Please take the lines from the one holding "move=> t_gt0 s_t count2 rot_s." through the one holding "have uniq_w : uniq w." in the data below and copy them exactly.

[[ Source material, beginning ]]

Lemma modn_lt_double m x : x < 2 * m -> x %% m = if x < m then x else x - m.
Proof.
move=> lt_x2m; case: ltnP => [/modn_small // | le_mx].
by rewrite -{1}(subnK le_mx) modnDr modn_small //; lia.
Qed.

Definition antipode (k b : nat) : nat := (b + k) %% (2 * k).

Lemma antipodeE k b : b < 2 * k -> antipode k b = if b < k then b + k else b - k.
Proof.
move=> lt_b; rewrite /antipode modn_lt_double; last lia.
by case: (ltnP (b + k) (2 * k)) => ?; case: ltnP => ?; lia.
Qed.

Lemma antipode_lt k b : 0 < k -> antipode k b < 2 * k.
Proof. by move=> k_gt0; rewrite ltn_pmod // muln_gt0. Qed.

Lemma antipode_neq k b : 0 < k -> b < 2 * k -> antipode k b != b.
Proof. by move=> k_gt0 lt_b; rewrite antipodeE //; case: ltnP => ?; apply/eqP; lia. Qed.

Lemma antipode_mod k b : b < 2 * k -> antipode k b %% k = b %% k.
Proof.
move=> lt_b; rewrite antipodeE //; case: ltnP => lt_bk.
- by rewrite modnDr.
- by rewrite -{2}(subnK lt_bk) modnDr.
Qed.

Lemma eq_mod_antipode k i b : i < 2 * k -> b < 2 * k -> i %% k = b %% k ->
  i = b \/ i = antipode k b.
Proof.
move=> lt_i lt_b; rewrite antipodeE // !modn_lt_double //.
by case: (ltnP i k) => ?; case: (ltnP b k) => ?; lia.
Qed.

Lemma cyc_rotate N d i j l : d < N -> i < N -> j < N -> l < N ->
  cyc ((i + d) %% N) ((j + d) %% N) ((l + d) %% N) = cyc i j l.
Proof.
move=> lt_d lt_i lt_j lt_l; rewrite /cyc !modn_lt_double; try lia.
by case: (ltnP (i + d) N) => ?; case: (ltnP (j + d) N) => ?;
   case: (ltnP (l + d) N) => ?; lia.
Qed.

Lemma cyc_id12 i l : cyc i i l = false. Proof. rewrite /cyc; lia. Qed.
Lemma cyc_id23 i j : cyc i j j = false. Proof. rewrite /cyc; lia. Qed.
Lemma cyc_id13 i j : cyc i j i = false. Proof. rewrite /cyc; lia. Qed.

(* The orientation of the edge [uv] read off a necklace with [k] colours and
   bold beads at [bu] and [bv]: [u -> v] iff [bv] lies in the half-turn after
   [bu]. *)
Definition bold_or (k bu bv : nat) : int := if cyc bu bv (antipode k bu) then 1%R else (-1)%R.

Lemma bold_or_pm1 k bu bv : bold_or k bu bv = 1%R \/ bold_or k bu bv = (-1)%R.
Proof. by rewrite /bold_or; case: ifP; [left | right]. Qed.

Lemma bold_or_inj k bu bv k' bu' bv' : bold_or k bu bv = bold_or k' bu' bv' ->
  cyc bu bv (antipode k bu) = cyc bu' bv' (antipode k' bu').
Proof. by rewrite /bold_or; do 2 case: ifP. Qed.

Lemma bold_or_swap k bu bv : bu < 2 * k -> bv < 2 * k -> bu %% k != bv %% k ->
  bold_or k bv bu = (- bold_or k bu bv)%R.
Proof.
move=> lt_u lt_v; rewrite /bold_or !antipodeE // !modn_lt_double // => neq_uv.
suff -> : cyc bv bu (if bv < k then bv + k else bv - k) =
          ~~ cyc bu bv (if bu < k then bu + k else bu - k) by case: cyc.
by move: neq_uv; rewrite /cyc; case: (ltnP bu k) => ?; case: (ltnP bv k) => ?; lia.
Qed.

Lemma onth_nth_lt (T : Type) (x0 : T) s i : i < size s -> onth s i = Some (nth x0 s i).
Proof. by elim: s i => [|a s IH] [|i] //= /IH. Qed.

Lemma onth_size (T : Type) (s : seq T) i c : onth s i = Some c -> i < size s.
Proof. by move=> h; rewrite -onthTE h. Qed.

Lemma onth_exists (T : Type) (s : seq T) i : i < size s -> exists c, onth s i = Some c.
Proof. by rewrite -onthTE; case: (onth s i) => // c; exists c. Qed.

Section SmallFramed.
Variable V : finType.
Implicit Types (t : {set V}) (s : seq V) (b : V -> nat).

(* The shape of a small framed necklace over [t]: a word listing [t] once,
   written twice (see [small_periodic]). *)
Definition small_framed t s b : Prop :=
  [/\ 0 < #|t|, size s = 2 * #|t|,
      forall i j, i < size s -> j < size s ->
        (onth s i == onth s j) = (i %% #|t| == j %% #|t|),
      forall i c, onth s i = Some c -> c \in t &
      forall c, c \in t -> b c < size s /\ onth s (b c) = Some c].

Lemma size_count_mem t s :
  all (mem t) s -> size s = \sum_(v in t) count_mem v s.
Proof.
elim: s => [|c s IH] /=; first by rewrite big1.
case/andP=> ct /IH ->; rewrite big_split /= -add1n; congr (_ + _).
rewrite (bigD1 c) //= eqxx big1 // => v /andP[_ /negbTE].
by rewrite eq_sym => ->.
Qed.

Lemma small_periodic t s :
  0 < #|t| -> all (mem t) s -> (forall v, v \in t -> count_mem v s = 2) ->
  rot (size s %/ 2) s = s ->
  size s = 2 * #|t| /\ forall i j, i < size s -> j < size s ->
     (onth s i == onth s j) = (i %% #|t| == j %% #|t|).
Proof.
move=> t_gt0 s_t count2 rot_s.
set k := #|t| in t_gt0 count2 *.
have size_s : size s = 2 * k.
  rewrite (size_count_mem s_t) (eq_bigr (fun _ => 2)); last by move=> v /count2.
  by rewrite sum_nat_const mulnC.
split=> //; rewrite size_s mulKn // in rot_s.
set w := take k s.
have s_ww : s = w ++ w.
  have drop_w : drop k s = w.
    have /eqP : drop k s ++ take k s = take k s ++ drop k s.
      by rewrite cat_take_drop; exact: rot_s.
    rewrite eqseq_cat; first by case/andP=> /eqP.
    by rewrite size_drop size_takel size_s; lia.
  by rewrite -{1}(cat_take_drop k s) drop_w.
have size_w : size w = k by rewrite size_takel // size_s; lia.
have uniq_w : uniq w.
  apply/card_uniqP; rewrite size_w /k; apply: eq_card => v; apply/idP/idP.
  - by move=> vw; apply: (allP s_t); rewrite s_ww mem_cat vw.
  - move=> /count2; rewrite s_ww count_cat => c2.
    by apply/negPn/negP => /count_memPn; lia.
case/card_gt0P: (t_gt0) => x0 _.
have onth_s i : i < size s -> onth s i = Some (nth x0 w (i %% k)).
  move=> lt_is; rewrite (onth_nth_lt x0 lt_is) {1}s_ww nth_cat size_w.
  case: ltnP => le_ki; first by rewrite modn_small.
  by rewrite modn_lt_double -?size_s // ltnNge le_ki.
move=> i j lt_i lt_j; rewrite (onth_s i lt_i) (onth_s j lt_j) (inj_eq Some_inj).
by rewrite nth_uniq // size_w ltn_pmod.
Qed.

Section Necklace.
Variables (t : {set V}) (s : seq V) (b : V -> nat).
Hypothesis small : small_framed t s b.

Lemma small_bold c : c \in t -> b c < size s /\ onth s (b c) = Some c.
Proof. by case: small => _ _ _ _; apply. Qed.

Lemma small_bead i c : onth s i = Some c ->
  c \in t /\ (i = b c \/ i = antipode #|t| (b c)).
Proof.
case: small => _ size_s periodic colour _ s_i; have ct := colour _ _ s_i.
split=> //; have [lt_b s_b] := small_bold ct.
apply: eq_mod_antipode; rewrite -?size_s ?(onth_size s_i) //.
by apply/eqP; rewrite -periodic ?(onth_size s_i) // s_i s_b.
Qed.

Lemma small_antipode c : c \in t ->
  [/\ antipode #|t| (b c) < size s, onth s (antipode #|t| (b c)) = Some c
    & antipode #|t| (b c) != b c].
Proof.
case: small => t_gt0 size_s periodic _ _ ct; have [lt_b s_b] := small_bold ct.
rewrite size_s in lt_b *; split; [exact: antipode_lt | | exact: antipode_neq].
by rewrite -s_b; apply/eqP; rewrite periodic ?size_s ?antipode_lt ?antipode_mod.
Qed.

Lemma small_bead_eq i j c : onth s i = Some c -> onth s j = Some c ->
  (i == b c) = (j == b c) -> i = j.
Proof.
move=> s_i s_j; have [ct _] := small_bead s_i.
have [_ _ /negbTE neq] := small_antipode ct.
by case: (small_bead s_i) => _ [] ->; case: (small_bead s_j) => _ [] ->;
   rewrite ?eqxx ?neq.
Qed.

Lemma small_bold_mod_neq u v : u \in t -> v \in t -> u != v -> b u %% #|t| != b v %% #|t|.
Proof.
case: small => _ _ periodic _ _ ut vt uv.
have [lt_u s_u] := small_bold ut; have [lt_v s_v] := small_bold vt.
by rewrite -periodic // s_u s_v (inj_eq Some_inj).
Qed.

Lemma small_bold_lt c : c \in t -> b c < 2 * #|t|.
Proof. by case: small => _ <- _ _ _ /small_bold []. Qed.

End Necklace.
End SmallFramed.

Section Transport.
Variable V : finType.
Variables (t1 t2 : {set V}) (s1 s2 : seq V) (b1 b2 : V -> nat).
Hypotheses (small1 : small_framed t1 s1 b1) (small2 : small_framed t2 s2 b2).

Lemma morphism_bead tau f i c : neck_morphism tau s1 s2 f -> f (b1 c) = b2 c ->
  onth s1 i = Some c -> f i = if i == b1 c then b2 c else antipode #|t2| (b2 c).
Proof.
case=> _ [f_inj [f_col _]] f_bold s1_i.
case: (small_bead small1 s1_i) => ct [-> | ->]; first by rewrite eqxx.
have [lt_a s1_a neq] := small_antipode small1 ct; rewrite (negbTE neq).
have [lt_b _] := small_bold small1 ct.
have s2_fa : onth s2 (f (antipode #|t1| (b1 c))) = Some c by rewrite f_col // s1_a.
case: (small_bead small2 s2_fa) => _ [f_a | ->] //.
by move: neq; rewrite (f_inj _ _ lt_a lt_b) ?eqxx // f_a f_bold.
Qed.

Lemma morphism_antipode tau f c : neck_morphism tau s1 s2 f -> c \in t1 ->
  f (b1 c) = b2 c -> f (antipode #|t1| (b1 c)) = antipode #|t2| (b2 c).
Proof.
move=> mf ct f_bold; have [_ s1_a neq] := small_antipode small1 ct.
by rewrite (morphism_bead mf f_bold s1_a) (negbTE neq).
Qed.

Lemma morphism_bold_or tau f u v : neck_morphism tau s1 s2 f -> u \in t1 -> v \in t1 ->
  f (b1 u) = b2 u -> f (b1 v) = b2 v ->
  bold_or #|t2| (b2 u) (b2 v) = bold_or #|t1| (b1 u) (b1 v).
Proof.
move=> mf ut vt f_u f_v; have [lt_a _ _] := small_antipode small1 ut.
have [lt_u _] := small_bold small1 ut; have [lt_v _] := small_bold small1 vt.
case: (mf) => _ [_ [_ [_ f_cyc]]].
by rewrite /bold_or -(morphism_antipode mf ut f_u) -f_u -f_v f_cyc.
Qed.

Definition transport (i : nat) : nat :=
  if onth s1 i is Some c then (if i == b1 c then b2 c else antipode #|t2| (b2 c)) else 0.

Hypothesis t12 : t1 \subset t2.

Lemma transport_bead i c : onth s1 i = Some c ->
  [/\ transport i < size s2, onth s2 (transport i) = Some c
    & (transport i == b2 c) = (i == b1 c)].
Proof.
move=> s1_i; have ct : c \in t2 by apply: (subsetP t12); case: (small_bead small1 s1_i).
have [lt_b s2_b] := small_bold small2 ct.
have [lt_a s2_a neq] := small_antipode small2 ct.
by rewrite /transport s1_i; case: eqP; rewrite ?eqxx ?(negbTE neq).
Qed.

Lemma transport_bold c : c \in t1 -> transport (b1 c) = b2 c.
Proof. by move=> ct; have [_ s1_b] := small_bold small1 ct; rewrite /transport s1_b eqxx. Qed.

Lemma transport_antipode c : c \in t1 -> transport (antipode #|t1| (b1 c)) = antipode #|t2| (b2 c).
Proof.
move=> ct; have [_ s1_a neq] := small_antipode small1 ct.
by rewrite /transport s1_a (negbTE neq).
Qed.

[[ Source material, end ]]

> [Answer to this task]
move=> t_gt0 s_t count2 rot_s.
set k := #|t| in t_gt0 count2 *.
have size_s : size s = 2 * k.
  rewrite (size_count_mem s_t) (eq_bigr (fun _ => 2)); last by move=> v /count2.
  by rewrite sum_nat_const mulnC.
split=> //; rewrite size_s mulKn // in rot_s.
set w := take k s.
have s_ww : s = w ++ w.
  have drop_w : drop k s = w.
    have /eqP : drop k s ++ take k s = take k s ++ drop k s.
      by rewrite cat_take_drop; exact: rot_s.
    rewrite eqseq_cat; first by case/andP=> /eqP.
    by rewrite size_drop size_takel size_s; lia.
  by rewrite -{1}(cat_take_drop k s) drop_w.
have size_w : size w = k by rewrite size_takel // size_s; lia.
have uniq_w : uniq w.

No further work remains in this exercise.